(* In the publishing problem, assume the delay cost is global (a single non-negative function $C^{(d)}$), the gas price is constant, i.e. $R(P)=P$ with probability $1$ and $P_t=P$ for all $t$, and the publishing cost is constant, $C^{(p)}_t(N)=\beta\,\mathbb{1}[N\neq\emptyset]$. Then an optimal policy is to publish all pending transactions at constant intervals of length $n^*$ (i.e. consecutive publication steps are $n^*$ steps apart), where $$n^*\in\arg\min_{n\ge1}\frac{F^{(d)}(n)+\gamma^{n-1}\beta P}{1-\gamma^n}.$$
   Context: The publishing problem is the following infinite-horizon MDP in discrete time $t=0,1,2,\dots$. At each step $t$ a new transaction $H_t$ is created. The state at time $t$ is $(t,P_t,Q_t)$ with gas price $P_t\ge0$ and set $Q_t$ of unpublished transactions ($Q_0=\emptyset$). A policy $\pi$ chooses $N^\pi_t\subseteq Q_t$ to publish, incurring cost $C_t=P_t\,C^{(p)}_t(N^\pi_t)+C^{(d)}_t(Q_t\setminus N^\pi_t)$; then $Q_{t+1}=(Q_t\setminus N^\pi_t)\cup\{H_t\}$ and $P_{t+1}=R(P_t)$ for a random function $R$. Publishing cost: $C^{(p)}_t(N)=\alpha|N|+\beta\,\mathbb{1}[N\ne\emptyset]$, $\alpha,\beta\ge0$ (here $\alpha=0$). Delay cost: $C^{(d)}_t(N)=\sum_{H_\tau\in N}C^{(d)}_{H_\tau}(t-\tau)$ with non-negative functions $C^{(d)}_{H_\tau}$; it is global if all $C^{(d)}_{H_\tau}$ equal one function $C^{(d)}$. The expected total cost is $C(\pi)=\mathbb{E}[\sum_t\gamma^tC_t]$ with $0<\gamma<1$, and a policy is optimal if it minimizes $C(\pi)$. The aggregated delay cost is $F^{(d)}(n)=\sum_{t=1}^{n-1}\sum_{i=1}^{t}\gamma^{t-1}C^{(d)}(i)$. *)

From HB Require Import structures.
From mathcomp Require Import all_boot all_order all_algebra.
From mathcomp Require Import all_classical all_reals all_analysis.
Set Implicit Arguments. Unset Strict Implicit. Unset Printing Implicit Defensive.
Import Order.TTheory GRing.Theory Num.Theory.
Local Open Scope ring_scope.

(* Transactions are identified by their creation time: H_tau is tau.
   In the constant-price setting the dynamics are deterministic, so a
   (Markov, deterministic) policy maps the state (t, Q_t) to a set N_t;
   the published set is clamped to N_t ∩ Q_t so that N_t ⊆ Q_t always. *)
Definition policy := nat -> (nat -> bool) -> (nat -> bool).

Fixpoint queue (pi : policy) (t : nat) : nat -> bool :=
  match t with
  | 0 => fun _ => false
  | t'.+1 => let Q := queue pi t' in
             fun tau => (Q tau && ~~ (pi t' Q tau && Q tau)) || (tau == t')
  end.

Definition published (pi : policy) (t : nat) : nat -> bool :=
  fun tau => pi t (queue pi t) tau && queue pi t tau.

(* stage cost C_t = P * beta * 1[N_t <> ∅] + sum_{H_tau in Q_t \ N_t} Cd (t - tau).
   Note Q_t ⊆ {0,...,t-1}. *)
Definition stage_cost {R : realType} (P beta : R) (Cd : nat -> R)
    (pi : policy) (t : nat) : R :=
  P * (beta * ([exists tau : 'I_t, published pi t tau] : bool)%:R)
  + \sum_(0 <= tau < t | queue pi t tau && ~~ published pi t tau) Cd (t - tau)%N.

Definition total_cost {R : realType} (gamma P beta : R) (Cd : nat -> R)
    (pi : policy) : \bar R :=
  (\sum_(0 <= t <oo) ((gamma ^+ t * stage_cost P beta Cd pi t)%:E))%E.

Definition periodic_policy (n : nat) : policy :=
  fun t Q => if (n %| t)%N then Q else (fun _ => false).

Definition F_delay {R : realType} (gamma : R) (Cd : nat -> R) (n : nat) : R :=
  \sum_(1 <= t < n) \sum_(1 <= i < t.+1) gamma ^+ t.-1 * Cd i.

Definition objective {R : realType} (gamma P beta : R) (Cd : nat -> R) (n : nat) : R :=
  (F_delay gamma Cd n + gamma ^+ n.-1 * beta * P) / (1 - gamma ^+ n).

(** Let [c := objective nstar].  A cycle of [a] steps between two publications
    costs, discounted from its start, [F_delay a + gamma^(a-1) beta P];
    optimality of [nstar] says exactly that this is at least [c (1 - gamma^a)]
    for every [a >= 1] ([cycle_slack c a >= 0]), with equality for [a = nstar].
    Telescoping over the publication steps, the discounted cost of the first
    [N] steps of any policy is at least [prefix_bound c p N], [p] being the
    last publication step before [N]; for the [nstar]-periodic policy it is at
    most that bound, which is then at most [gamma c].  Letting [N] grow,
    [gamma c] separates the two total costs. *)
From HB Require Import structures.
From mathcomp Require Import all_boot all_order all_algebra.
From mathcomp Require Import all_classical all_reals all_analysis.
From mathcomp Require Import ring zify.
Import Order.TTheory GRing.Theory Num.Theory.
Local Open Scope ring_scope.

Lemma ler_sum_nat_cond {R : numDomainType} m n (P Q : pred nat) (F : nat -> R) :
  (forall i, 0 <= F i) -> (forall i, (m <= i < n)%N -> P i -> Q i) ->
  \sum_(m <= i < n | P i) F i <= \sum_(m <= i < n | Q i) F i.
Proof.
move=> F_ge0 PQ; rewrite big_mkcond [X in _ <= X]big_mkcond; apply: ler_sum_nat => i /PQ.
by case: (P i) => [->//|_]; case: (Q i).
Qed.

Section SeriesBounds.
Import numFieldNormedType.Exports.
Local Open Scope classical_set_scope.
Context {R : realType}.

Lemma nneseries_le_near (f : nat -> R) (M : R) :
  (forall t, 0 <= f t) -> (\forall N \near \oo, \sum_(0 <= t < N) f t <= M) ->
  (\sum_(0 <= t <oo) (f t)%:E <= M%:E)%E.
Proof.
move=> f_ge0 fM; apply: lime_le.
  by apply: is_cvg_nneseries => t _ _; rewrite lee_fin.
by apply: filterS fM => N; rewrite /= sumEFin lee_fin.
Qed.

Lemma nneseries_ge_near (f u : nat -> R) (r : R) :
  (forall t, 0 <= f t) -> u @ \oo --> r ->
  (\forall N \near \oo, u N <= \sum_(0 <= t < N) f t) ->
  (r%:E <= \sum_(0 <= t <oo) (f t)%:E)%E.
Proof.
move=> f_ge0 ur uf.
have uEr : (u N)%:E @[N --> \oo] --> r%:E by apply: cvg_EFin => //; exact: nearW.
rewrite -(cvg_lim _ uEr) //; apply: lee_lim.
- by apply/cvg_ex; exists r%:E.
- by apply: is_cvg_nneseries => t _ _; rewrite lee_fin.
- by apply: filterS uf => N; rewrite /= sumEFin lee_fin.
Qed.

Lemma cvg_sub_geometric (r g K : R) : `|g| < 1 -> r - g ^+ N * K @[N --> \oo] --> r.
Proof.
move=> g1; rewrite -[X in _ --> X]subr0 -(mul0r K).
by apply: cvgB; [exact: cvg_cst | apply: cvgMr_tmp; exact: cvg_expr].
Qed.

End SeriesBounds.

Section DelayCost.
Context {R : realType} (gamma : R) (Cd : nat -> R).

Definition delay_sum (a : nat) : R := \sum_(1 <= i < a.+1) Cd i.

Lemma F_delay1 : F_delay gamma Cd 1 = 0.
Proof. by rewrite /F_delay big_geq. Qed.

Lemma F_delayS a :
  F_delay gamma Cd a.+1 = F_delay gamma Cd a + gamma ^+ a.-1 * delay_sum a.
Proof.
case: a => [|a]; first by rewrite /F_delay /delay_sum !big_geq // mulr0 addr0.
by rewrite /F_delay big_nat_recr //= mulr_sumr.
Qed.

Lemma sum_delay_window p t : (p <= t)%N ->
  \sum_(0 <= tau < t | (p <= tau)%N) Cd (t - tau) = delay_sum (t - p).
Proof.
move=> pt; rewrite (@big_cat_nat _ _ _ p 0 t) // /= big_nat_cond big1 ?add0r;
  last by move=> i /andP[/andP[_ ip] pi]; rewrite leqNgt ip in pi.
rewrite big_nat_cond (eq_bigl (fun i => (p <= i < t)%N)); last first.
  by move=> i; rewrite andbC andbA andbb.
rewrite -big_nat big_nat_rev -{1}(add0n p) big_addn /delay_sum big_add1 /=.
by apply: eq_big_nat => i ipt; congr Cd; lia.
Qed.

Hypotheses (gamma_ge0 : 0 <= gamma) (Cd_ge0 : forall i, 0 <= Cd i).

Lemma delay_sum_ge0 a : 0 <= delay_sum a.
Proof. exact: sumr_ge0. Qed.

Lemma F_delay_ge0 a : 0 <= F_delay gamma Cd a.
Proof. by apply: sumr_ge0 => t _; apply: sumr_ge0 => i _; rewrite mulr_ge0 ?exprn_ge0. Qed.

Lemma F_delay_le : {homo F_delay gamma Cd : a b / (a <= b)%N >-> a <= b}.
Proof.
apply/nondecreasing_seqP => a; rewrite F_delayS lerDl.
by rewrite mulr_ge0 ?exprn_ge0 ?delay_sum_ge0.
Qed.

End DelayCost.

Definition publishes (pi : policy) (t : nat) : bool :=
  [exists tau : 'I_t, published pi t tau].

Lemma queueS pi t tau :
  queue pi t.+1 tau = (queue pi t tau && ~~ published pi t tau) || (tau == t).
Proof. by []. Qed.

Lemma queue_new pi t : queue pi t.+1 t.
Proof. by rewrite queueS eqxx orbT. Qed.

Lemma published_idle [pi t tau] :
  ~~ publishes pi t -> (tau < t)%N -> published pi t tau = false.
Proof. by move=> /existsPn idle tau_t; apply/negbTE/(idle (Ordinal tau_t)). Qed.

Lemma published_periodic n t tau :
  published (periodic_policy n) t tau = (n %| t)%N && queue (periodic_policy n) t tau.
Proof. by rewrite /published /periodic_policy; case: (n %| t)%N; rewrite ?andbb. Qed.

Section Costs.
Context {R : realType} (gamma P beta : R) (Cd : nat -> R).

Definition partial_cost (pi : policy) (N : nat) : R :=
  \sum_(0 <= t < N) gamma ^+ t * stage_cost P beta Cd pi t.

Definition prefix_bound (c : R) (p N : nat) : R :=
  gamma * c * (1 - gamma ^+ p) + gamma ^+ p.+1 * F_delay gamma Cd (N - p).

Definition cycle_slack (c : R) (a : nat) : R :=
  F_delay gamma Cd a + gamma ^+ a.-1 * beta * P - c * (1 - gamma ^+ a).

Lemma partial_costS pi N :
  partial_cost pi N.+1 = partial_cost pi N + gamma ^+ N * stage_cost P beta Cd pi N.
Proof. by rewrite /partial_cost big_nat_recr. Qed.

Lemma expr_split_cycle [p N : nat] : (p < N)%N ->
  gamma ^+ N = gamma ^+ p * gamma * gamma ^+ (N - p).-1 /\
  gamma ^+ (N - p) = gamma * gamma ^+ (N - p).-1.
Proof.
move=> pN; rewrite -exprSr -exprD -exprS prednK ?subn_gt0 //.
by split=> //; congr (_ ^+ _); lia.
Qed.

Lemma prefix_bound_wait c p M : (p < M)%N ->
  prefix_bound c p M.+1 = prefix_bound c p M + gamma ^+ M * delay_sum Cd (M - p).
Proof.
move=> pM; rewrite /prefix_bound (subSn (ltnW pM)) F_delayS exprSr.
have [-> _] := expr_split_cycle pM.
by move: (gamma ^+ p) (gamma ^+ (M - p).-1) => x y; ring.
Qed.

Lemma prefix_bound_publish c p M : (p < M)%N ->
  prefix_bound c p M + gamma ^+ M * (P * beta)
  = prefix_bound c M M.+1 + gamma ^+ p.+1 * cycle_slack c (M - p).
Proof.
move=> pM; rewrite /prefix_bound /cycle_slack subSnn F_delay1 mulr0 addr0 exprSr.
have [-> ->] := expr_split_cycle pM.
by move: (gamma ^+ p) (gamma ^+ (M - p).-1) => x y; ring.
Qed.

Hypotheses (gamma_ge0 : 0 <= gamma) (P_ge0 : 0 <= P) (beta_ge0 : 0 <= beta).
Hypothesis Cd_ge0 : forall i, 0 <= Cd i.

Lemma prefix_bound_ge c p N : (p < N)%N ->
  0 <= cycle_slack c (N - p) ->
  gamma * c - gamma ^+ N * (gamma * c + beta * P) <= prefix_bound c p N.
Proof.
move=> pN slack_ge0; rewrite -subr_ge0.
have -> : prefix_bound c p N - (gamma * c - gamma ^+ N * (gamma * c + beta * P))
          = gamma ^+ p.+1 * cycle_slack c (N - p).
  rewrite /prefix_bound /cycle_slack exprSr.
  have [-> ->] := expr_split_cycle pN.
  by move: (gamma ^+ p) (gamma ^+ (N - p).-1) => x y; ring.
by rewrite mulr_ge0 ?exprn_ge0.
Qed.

****

# Exercise goal
Set down only the line containing "Lemma prefix_bound_ge c p N : (p < N)%N ->" and the lines after it through the end, exactly as they appear above.

# Response below
Lemma prefix_bound_ge c p N : (p < N)%N ->
  0 <= cycle_slack c (N - p) ->
  gamma * c - gamma ^+ N * (gamma * c + beta * P) <= prefix_bound c p N.
Proof.
move=> pN slack_ge0; rewrite -subr_ge0.
have -> : prefix_bound c p N - (gamma * c - gamma ^+ N * (gamma * c + beta * P))
          = gamma ^+ p.+1 * cycle_slack c (N - p).
  rewrite /prefix_bound /cycle_slack exprSr.
  have [-> ->] := expr_split_cycle pN.
  by move: (gamma ^+ p) (gamma ^+ (N - p).-1) => x y; ring.
by rewrite mulr_ge0 ?exprn_ge0.
Qed.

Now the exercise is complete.